Start with the given measurement: [katex]\text{5 km}[/katex]
Use the conversion factors for kilometers to meters and meters to millimeters: [katex]\text{5 km} \times \frac{10^3 \, \text{m}}{1 \, \text{km}} \times \frac{10^3 \, \text{mm}}{1 \, \text{m}}[/katex]
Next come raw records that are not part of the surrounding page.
Lemma pair_terms_nonpos k : (k <= p)%nat -> w (2 * k)%nat + w (2 * k + 1)%nat <= 0.
Proof.
  intros Hk. pose proof x_K_range as Hc.
  destruct (z_pair K K_range) as [HzK _]. unfold w.
  destruct (Nat.eq_dec k 0) as [-> | Hk0].
  - change (2 * 0)%nat with 0%nat. change (0 + 1)%nat with 1%nat.
    assert (Hsep : 0 < sep (x K) 0) by (unfold sep; lra).
    rewrite Re_RE_term_0, (Re_RE_term_axis _ _ _ _ _ (x K) 0) by (lia || lra || assumption).
    pose proof (inward_pull_nonneg _ _ _ m_center Hsep). lra.
  - destruct (z_pair k ltac:(lia)) as [Hz_even Hz_odd].
    destruct (m_pair k ltac:(lia)) as [Hm_odd Hm_even].
    destruct (Nat.eq_dec k K) as [-> | HkK].
    + assert (Hsep : 0 < sep (x K) (- x K)).
      { unfold sep. apply Rmult_lt_0_compat; [| lra]. assert (x K * x K < 1) by nra. lra. }
      rewrite Re_RE_term_self, (Re_RE_term_axis _ _ _ _ _ (x K) (- x K)) by (lia || lra || assumption).
      pose proof (inward_pull_nonneg _ _ _ Hm_even Hsep). rewrite Hm_odd. lra.
    + pose proof (pairs_pull_inward k ltac:(lia) HkK) as Hpair.
      pose proof (x_pos k ltac:(lia)) as Hxk.
      destruct (pair_pulls_inward_sep _ _ Hc Hxk Hpair) as [Hsep Hsep_opp].
      rewrite (Re_RE_term_axis _ _ _ _ _ (x K) (x k)), (Re_RE_term_axis _ _ _ _ _ (x K) (- x k))
        by (lia || lra || assumption).
      pose proof (pair_inward_pull_nonneg _ _ _ Hm_even Hc Hxk Hpair). rewrite Hm_odd. lra.
Qed.

Hypothesis m_3 : m 3%nat = 1.
Hypothesis x_1_le : x 1%nat <= x K.

Lemma first_pair_terms_lt : w 2%nat + w 3%nat < - rotation_term (x K).
Proof.
  pose proof x_K_range as Hc.
  destruct (z_pair K K_range) as [HzK _].
  destruct (z_pair 1 ltac:(lia)) as [Hz2 Hz3].
  pose proof (x_pos 1 ltac:(lia)) as Hx1.
  assert (Hw3 : w 3%nat < - rotation_term (x K)).
  { assert (Hsep : 0 < sep (x K) (- x 1%nat)) by (unfold sep; apply Rmult_lt_0_compat; nra).
    unfold w. rewrite (Re_RE_term_axis _ _ _ _ _ (x K) (- x 1%nat)), m_3 by (lia || lra || assumption).
    pose proof (rotation_term_lt_inward_pull (x K) (x 1%nat) ltac:(lra) ltac:(lra)). lra. }
  assert (Hw2 : w 2%nat <= 0).
  { unfold w. destruct (Nat.eq_dec K 1) as [-> | HK1]; [rewrite Re_RE_term_self; lra |].
    destruct (pairs_pull_inward 1 ltac:(lia) ltac:(lia)) as [Hlt | [H1 _]]; [| lra].
    assert (Hsep : 0 < sep (x K) (x 1%nat)) by (unfold sep; apply Rmult_lt_0_compat; nra).
    destruct (m_pair 1 ltac:(lia)) as [_ Hm2]. change (2 * 1)%nat with 2%nat in Hm2.
    rewrite (Re_RE_term_axis _ _ _ _ _ (x K) (x 1%nat)) by (lia || lra || assumption).
    pose proof (inward_pull_nonneg _ _ _ Hm2 Hsep). lra. }
  lra.
Qed.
Perform the multiplication: [katex]\text{5 km} \times \frac{10^3 \, \text{m}}{1 \, \text{km}} \times \frac{10^3 \, \text{mm}}{1 \, \text{m}} = 5 \times 10^3 \times 10^3 \, \text{mm}[/katex]
Simplify to get the final answer: [katex]\boxed{5 \times 10^6 \, \text{mm}}[/katex]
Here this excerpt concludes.